Collected data:
::::::::

Lemma gamma_fun_holder x y l A B t : 0 <= l <= 1 -> 0 < A -> 0 < B -> 0 < t ->
  gamma_fun (l * x + (1 - l) * y) t
  <= exp (l * ln A + (1 - l) * ln B) * (l / A * gamma_fun x t + (1 - l) / B * gamma_fun y t).
Proof.
  intros Hl HA HB Ht.
  assert (Hu : 0 < gamma_fun x t / A) by (apply Rdiv_lt_0_compat; [apply gamma_fun_pos | exact HA]).
  assert (Hv : 0 < gamma_fun y t / B) by (apply Rdiv_lt_0_compat; [apply gamma_fun_pos | exact HB]).
  replace (gamma_fun (l * x + (1 - l) * y) t) with
    (exp (l * ln A + (1 - l) * ln B)
     * exp (l * ln (gamma_fun x t / A) + (1 - l) * ln (gamma_fun y t / B))).
  - apply Rmult_le_compat_l; [left; apply exp_pos|].
    replace (l / A * gamma_fun x t + (1 - l) / B * gamma_fun y t)
      with (l * (gamma_fun x t / A) + (1 - l) * (gamma_fun y t / B)) by (field; lra).
    apply weighted_AM_GM; assumption.
  - rewrite gamma_fun_log_affine, <- exp_plus, !ln_div by (apply gamma_fun_pos || assumption).
    f_equal. ring.
Qed.

Lemma Gamma_log_convex x y l : 0 < x -> 0 < y -> 0 <= l <= 1 ->
  Gamma (l * x + (1 - l) * y) <= exp (l * ln (Gamma x) + (1 - l) * ln (Gamma y)).
Proof.
  intros Hx Hy Hl. set (z := l * x + (1 - l) * y).
  assert (Hz : 0 < z) by (unfold z; destruct (Req_dec l 0) as [->|]; nra).
  pose proof (Gamma_pos x Hx) as HA. pose proof (Gamma_pos y Hy) as HB.
  set (K := exp (l * ln (Gamma x) + (1 - l) * ln (Gamma y))).
  set (cx := K * (l / Gamma x)). set (cy := K * ((1 - l) / Gamma y)).
  set (I := fun a n => Gamma_trunc a (trunc_lo n) (trunc_hi n)).
  assert (Hle : forall n, I z n <= cx * I x n + cy * I y n).
  { intros n. pose proof (trunc_lo_pos n). pose proof (trunc_lo_le_1 n). pose proof (trunc_hi_ge_2 n).
    assert (Hint : forall a, is_RInt (gamma_fun a) (trunc_lo n) (trunc_hi n) (I a n))
      by (intros a; apply (RInt_correct (gamma_fun a)), ex_RInt_gamma_fun; lra).
    assert (Hlin : is_RInt (fun t => cx * gamma_fun x t + cy * gamma_fun y t)
                     (trunc_lo n) (trunc_hi n) (cx * I x n + cy * I y n)).
    { apply (is_RInt_plus (fun t => cx * gamma_fun x t) (fun t => cy * gamma_fun y t));
        [exact (is_RInt_scal _ _ _ cx _ (Hint x)) | exact (is_RInt_scal _ _ _ cy _ (Hint y))]. }
    apply (is_RInt_le (gamma_fun z) _ (trunc_lo n) (trunc_hi n) _ _ ltac:(lra) (Hint z) Hlin).
    intros t Ht. unfold cx, cy. rewrite !Rmult_assoc, <- Rmult_plus_distr_l.
    apply gamma_fun_holder; lra. }
  assert (Hlim : is_lim_seq (fun n => cx * I x n + cy * I y n) (cx * Gamma x + cy * Gamma y)).
  { apply is_lim_seq_plus'; apply (is_lim_seq_scal_l _ _ (Gamma _)), Gamma_trunc_cvg; assumption. }
  replace K with (cx * Gamma x + cy * Gamma y) by (unfold cx, cy; field; lra).
  assert (H := is_lim_seq_le _ _ (Gamma z) _ Hle (Gamma_trunc_cvg z Hz) Hlim). exact H.
Qed.

Definition Gamma_ratio (s x : R) : R := Gamma (x + s) / (Gamma x * Rpower x s).

Lemma Gamma_ratio_pos s x : 0 < x -> 0 < x + s -> 0 < Gamma_ratio s x.
Proof.
  intros Hx Hxs. apply Rdiv_lt_0_compat; [apply Gamma_pos, Hxs|].
  apply Rmult_lt_0_compat; [apply Gamma_pos, Hx | apply exp_pos].
Qed.

Lemma Gamma_ratio_le_1 a x : 0 <= a <= 1 -> 0 < x -> Gamma_ratio a x <= 1.
Proof.
  intros Ha Hx. pose proof (Gamma_pos x Hx) as HG. pose proof (exp_pos (a * ln x)) as HP.
  assert (HGP : 0 < Gamma x * Rpower x a) by (apply Rmult_lt_0_compat; assumption).
  unfold Gamma_ratio. apply Rmult_le_reg_r with (Gamma x * Rpower x a); [exact HGP|].
  unfold Rdiv. rewrite Rmult_assoc, Rinv_l, Rmult_1_l, Rmult_1_r by lra.
  pose proof (Gamma_log_convex x (x + 1) (1 - a) Hx ltac:(lra) ltac:(lra)) as H.
  replace ((1 - a) * x + (1 - (1 - a)) * (x + 1)) with (x + a) in H by ring.
  rewrite Gamma_S, ln_mult in H by lra.
  eapply Rle_trans; [exact H|]. unfold Rpower.
  replace (Gamma x * exp (a * ln x)) with (exp (ln (Gamma x) + a * ln x))
    by (rewrite exp_plus, exp_ln; lra).
  right. f_equal. ring.
Qed.

Lemma Gamma_ratio_ge a x : 0 <= a <= 1 -> 0 < x -> x / (x + a) <= Gamma_ratio a x.
Proof.
  intros Ha Hx.
  pose proof (Gamma_pos x Hx) as HG. pose proof (Gamma_pos (x + a) ltac:(lra)) as HGa.
  pose proof (Gamma_log_convex (x + a) (x + a + 1) a ltac:(lra) ltac:(lra) Ha) as H.
  replace (a * (x + a) + (1 - a) * (x + a + 1)) with (x + 1) in H by ring.
  rewrite !Gamma_S, ln_mult in H by lra.
  replace (a * ln (Gamma (x + a)) + (1 - a) * (ln (x + a) + ln (Gamma (x + a))))
    with (ln (Gamma (x + a)) + (1 - a) * ln (x + a)) in H by ring.
  rewrite exp_plus, exp_ln in H by lra. fold (Rpower (x + a) (1 - a)) in H.
  assert (Hmono : Rpower x a <= Rpower (x + a) a) by (apply Rle_Rpower_l; lra).
  assert (HP : 0 < Rpower x a) by apply exp_pos.
  unfold Gamma_ratio. apply Rmult_le_reg_r with ((x + a) * (Gamma x * Rpower x a)).
  { apply Rmult_lt_0_compat; [lra | apply Rmult_lt_0_compat; assumption]. }
  replace (x / (x + a) * ((x + a) * (Gamma x * Rpower x a))) with (x * Gamma x * Rpower x a)
    by (field; lra).
  replace (Gamma (x + a) / (Gamma x * Rpower x a) * ((x + a) * (Gamma x * Rpower x a)))
    with (Gamma (x + a) * Rpower (x + a) (1 - a) * Rpower (x + a) a).
  - apply Rle_trans with (Gamma (x + a) * Rpower (x + a) (1 - a) * Rpower x a).
    + apply Rmult_le_compat_r; lra.
    + apply Rmult_le_compat_l; [left; apply Rmult_lt_0_compat; [lra | apply exp_pos] | exact Hmono].
  - rewrite Rmult_assoc, <- Rpower_plus. replace (1 - a + a) with 1 by ring.
    rewrite Rpower_1 by lra. field. lra.
Qed.

Lemma Gamma_ratio_S s x : 0 <= s -> 0 < x -> Gamma_ratio (s + 1) x = Gamma_ratio s x * ((x + s) / x).
Proof.
  intros Hs Hx. unfold Gamma_ratio.
  replace (x + (s + 1)) with (x + s + 1) by ring.
  rewrite Gamma_S, Rpower_plus, Rpower_1 by lra.
  pose proof (Gamma_pos x Hx). pose proof (exp_pos (s * ln x)).
  field. repeat split; try lra. apply Rgt_not_eq, exp_pos.
Qed.

Section Gamma_ratio_limit.

Variable u : nat -> R.
Hypothesis u_ge_1 : forall n, 1 <= u n.
Hypothesis u_cvg : is_lim_seq u p_infty.

Lemma shift_ratio_cvg c : is_lim_seq (fun n => (u n + c) / u n) 1.
Proof.
  apply is_lim_seq_ext with (fun n => 1 + c * / u n).
  { intros n. pose proof (u_ge_1 n). field. lra. }
  assert (Hinv : is_lim_seq (fun n => / u n) 0)
    by (apply (is_lim_seq_inv _ p_infty); [exact u_cvg | discriminate]).
  pose proof (is_lim_seq_plus' _ _ 1 (c * 0) (is_lim_seq_const 1) (is_lim_seq_scal_l _ c 0 Hinv)) as H.
  rewrite Rmult_0_r, Rplus_0_r in H. exact H.
Qed.

Lemma Gamma_ratio_cvg_01 a : 0 <= a <= 1 -> is_lim_seq (fun n => Gamma_ratio a (u n)) 1.
Proof.
  intros Ha. apply is_lim_seq_le_le with (fun n => u n / (u n + a)) (fun _ => 1).
  - intros n. pose proof (u_ge_1 n).
    split; [apply Gamma_ratio_ge | apply Gamma_ratio_le_1]; lra.
  - apply is_lim_seq_ext with (fun n => / ((u n + a) / u n)).
    { intros n. pose proof (u_ge_1 n). field. lra. }
    pose proof (is_lim_seq_inv _ 1 (shift_ratio_cvg a)) as H. simpl in H.
    rewrite Rinv_1 in H. apply H. injection. lra.
  - apply is_lim_seq_const.
Qed.

Lemma Gamma_ratio_cvg s : 0 <= s -> is_lim_seq (fun n => Gamma_ratio s (u n)) 1.
Proof.
  intros Hs. destruct (INR_unbounded s) as [k Hk].
  assert (Hsk : s <= INR k) by lra. clear Hk. revert s Hs Hsk.
  induction k as [|k IH]; intros s Hs Hsk.
  - apply Gamma_ratio_cvg_01. simpl in Hsk. lra.
  - destruct (Rle_dec s 1) as [Hs1|Hs1]; [apply Gamma_ratio_cvg_01; lra|].
    rewrite S_INR in Hsk.
    apply is_lim_seq_ext with (fun n => Gamma_ratio (s - 1) (u n) * ((u n + (s - 1)) / u n)).
    { intros n. rewrite <- Gamma_ratio_S by (pose proof (u_ge_1 n); lra). f_equal. ring. }
    pose proof (is_lim_seq_mult' _ _ 1 1 (IH (s - 1) ltac:(lra) ltac:(lra)) (shift_ratio_cvg (s - 1)))
      as H.
    rewrite Rmult_1_r in H. exact H.
Qed.

End Gamma_ratio_limit.

(** * Asymptotics of a ratio of central binomial coefficients *)

Definition binom_central_ratio (s : R) (N : nat) : R :=
  binom (2 * N) N * (Gamma (INR N + s + 1) ^ 2 / Gamma (2 * INR N + 2 * s + 1)).

Lemma Gamma_plus_eq s x : 0 < x -> Gamma (x + s) = Gamma_ratio s x * Gamma x * Rpower x s.
Proof.
  intros Hx. unfold Gamma_ratio. pose proof (Gamma_pos x Hx). pose proof (exp_pos (s * ln x)).
  field. split; [apply Rgt_not_eq, exp_pos | lra].
Qed.

Lemma binom_central_ratio_eq s N : 0 <= s ->
  binom_central_ratio s N =
  Gamma_ratio s (INR N + 1) ^ 2 / Gamma_ratio (2 * s) (2 * INR N + 1)
  * (Rpower ((2 * INR N + 2) / (2 * INR N + 1)) (2 * s) / Rpower 4 s).
Proof.
  intros Hs. pose proof (pos_INR N) as HN. unfold binom_central_ratio. rewrite binom_central.
  replace (INR N + s + 1) with ((INR N + 1) + s) by ring.
  replace (2 * INR N + 2 * s + 1) with ((2 * INR N + 1) + 2 * s) by ring.
  rewrite (Gamma_plus_eq s), (Gamma_plus_eq (2 * s)), Gamma_nat by lra.
  replace (Gamma (2 * INR N + 1)) with (INR (fact (2 * N)))
    by (rewrite <- Gamma_nat, mult_INR; reflexivity).
  assert (Hpow : Rpower ((2 * INR N + 2) / (2 * INR N + 1)) (2 * s) / Rpower 4 s
                 = Rpower (INR N + 1) s ^ 2 / Rpower (2 * INR N + 1) (2 * s)).
  { unfold Rpower. rewrite ln_div by lra.
    replace (2 * INR N + 2) with (2 * (INR N + 1)) by ring. replace 4 with (2 * 2) by ring.
    rewrite !ln_mult by lra. unfold Rdiv. rewrite <- !exp_Ropp. simpl pow.
    rewrite Rmult_1_r, <- !exp_plus.
    f_equal. ring. }
  rewrite Hpow.
  pose proof (fact_INR_pos N). pose proof (fact_INR_pos (2 * N)).
  pose proof (exp_pos (s * ln (INR N + 1))). pose proof (exp_pos (2 * s * ln (2 * INR N + 1))).
  pose proof (Gamma_ratio_pos (2 * s) (2 * INR N + 1) ltac:(lra) ltac:(lra)).
  unfold Rpower. field. repeat split; lra.
Qed.

Lemma binom_central_ratio_cvg s : 0 <= s -> is_lim_seq (binom_central_ratio s) (/ Rpower 4 s).
Proof.
  intros Hs.
  set (u1 := fun n : nat => INR n + 1). set (u2 := fun n : nat => 2 * INR n + 1).
  assert (Hu1 : forall n, 1 <= u1 n) by (intros n; unfold u1; pose proof (pos_INR n); lra).
  assert (Hu2 : forall n, 1 <= u2 n) by (intros n; unfold u2; pose proof (pos_INR n); lra).
  assert (Hu1_cvg : is_lim_seq u1 p_infty) by apply INR_plus_cvg.
  assert (Hu2_cvg : is_lim_seq u2 p_infty).
  { apply (is_lim_seq_le_p_loc u1); [|exact Hu1_cvg].
    exists O. intros n _. unfold u1, u2. pose proof (pos_INR n). lra. }
  assert (L1 := Gamma_ratio_cvg u1 Hu1 Hu1_cvg s Hs).
  assert (L2 := Gamma_ratio_cvg u2 Hu2 Hu2_cvg (2 * s) ltac:(lra)).
  assert (L3 : is_lim_seq (fun n => Rpower ((2 * INR n + 2) / (2 * INR n + 1)) (2 * s)) 1).
  { apply Rpower_1_cvg. apply is_lim_seq_ext with (fun n => (u2 n + 1) / u2 n).
    { intros n. unfold u2. f_equal. ring. }
    apply shift_ratio_cvg; assumption. }
  apply is_lim_seq_ext with (fun n => Gamma_ratio s (u1 n) ^ 2 / Gamma_ratio (2 * s) (u2 n)
    * (Rpower ((2 * INR n + 2) / (2 * INR n + 1)) (2 * s) / Rpower 4 s)).
  { intros n. symmetry. apply binom_central_ratio_eq, Hs. }
  assert (L1sq : is_lim_seq (fun n => Gamma_ratio s (u1 n) ^ 2) (1 * 1)).
  { apply is_lim_seq_ext with (fun n => Gamma_ratio s (u1 n) * Gamma_ratio s (u1 n)); [intros n; ring|].
    apply is_lim_seq_mult'; exact L1. }
  replace (/ Rpower 4 s) with (1 * 1 / 1 * (1 / Rpower 4 s)) by (field; apply Rgt_not_eq, exp_pos).
  apply is_lim_seq_mult'; [apply is_lim_seq_div'; [exact L1sq | exact L2 | lra]|].
  apply is_lim_seq_div'; [exact L3 | apply is_lim_seq_const | apply Rgt_not_eq, exp_pos].
Qed.

(** * Two terminating hypergeometric identities *)

Definition alt_coef (m : nat) (r : R) (k : nat) : R :=
  binom m k * ((-1) ^ k / (2 * INR k + 1)) * (INR (fact k) / poch r (k + 1)).

Lemma alt_coef_poch m r k : (k <= m)%nat -> 0 < r ->
  alt_coef m r k = poch (- INR m) k / ((2 * INR k + 1) * poch r (k + 1)).
Proof.
  intros Hk Hr. unfold alt_coef. rewrite <- binom_sign_fact by exact Hk.
  pose proof (pos_INR k). pose proof (poch_pos r (k + 1) Hr). field. lra.
Qed.

Section Potential.

Variables (m : nat) (r : R).
Hypothesis r_pos : 0 < r.

Definition weight (x : R) (k : nat) : R := poch (x + INR m + r + 1) k / poch (x + 1) k.

Definition weighted_sum (x : R) : R := sum_f_R0 (fun k => alt_coef m r k * weight x k) m.

Definition step_ratio (x : R) : R :=
  (2 * x + 1) * (x + INR m + r + 1) / ((x + 1) * (2 * x + 2 * INR m + 2 * r + 1)).

(* Gosper certificate of the summand of [weighted_sum x - step_ratio x * weighted_sum (x + 1)];
   it vanishes at [k = m + 1] through the factor [poch (- INR m) k]. *)
Definition weight_cert (x : R) (k : nat) : R :=
  - poch (- INR m) k * poch (x + INR m + r + 1) k
  / (poch r k * poch (x + 1) k * (x + INR m + 1) * (2 * x + 2 * INR m + 2 * r + 1)).

Lemma weight_cert_step x k : 0 <= x ->
  poch (- INR m) k / ((2 * INR k + 1) * poch r (k + 1)) * (weight x k - step_ratio x * weight (x + 1) k)
  = weight_cert x (S k) - weight_cert x k.
Proof.
  intros Hx. pose proof (pos_INR m). pose proof (pos_INR k).
  pose proof (poch_pos r k r_pos). pose proof (poch_pos (x + 1) k ltac:(lra)).
  pose proof (poch_pos (x + INR m + r + 1) k ltac:(lra)).
  unfold weight, weight_cert, step_ratio.
  replace (x + 1 + INR m + r + 1) with ((x + INR m + r + 1) + 1) by ring.
  replace (x + 1 + 1) with ((x + 1) + 1) by ring.
  rewrite (poch_succ_arg (x + INR m + r + 1)), (poch_succ_arg (x + 1)) by lra.
  rewrite Nat.add_1_r. simpl poch. field. repeat split; lra.
Qed.

Lemma weighted_sum_step x : 0 <= x ->
  weighted_sum x - step_ratio x * weighted_sum (x + 1)
  = 1 / ((x + INR m + 1) * (2 * x + 2 * INR m + 2 * r + 1)).
Proof.
  intros Hx. unfold weighted_sum. rewrite scal_sum, <- minus_sum.
  rewrite (sum_eq _ (fun k => weight_cert x (S k) - weight_cert x k)).
  - rewrite sum_f_R0_telescope. unfold weight_cert.
    rewrite poch_opp_nat_vanish by lia. simpl poch.
    pose proof (pos_INR m). pose proof (poch_pos r m r_pos). pose proof (poch_pos (x + 1) m ltac:(lra)).
    field. repeat split; lra.
  - intros k Hk. rewrite <- weight_cert_step by exact Hx.
    rewrite alt_coef_poch by assumption. ring.
Qed.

::::::::

## [The task]
Once the line with "apply Rmult_lt_0_compat; [apply" is found in the records above, print exactly that line and every line after it through the line with "intros Ha Hx. pose".

## [Solution below]
  apply Rmult_lt_0_compat; [apply Gamma_pos, Hx | apply exp_pos].
Qed.

Lemma Gamma_ratio_le_1 a x : 0 <= a <= 1 -> 0 < x -> Gamma_ratio a x <= 1.
Proof.
  intros Ha Hx. pose proof (Gamma_pos x Hx) as HG. pose proof (exp_pos (a * ln x)) as HP.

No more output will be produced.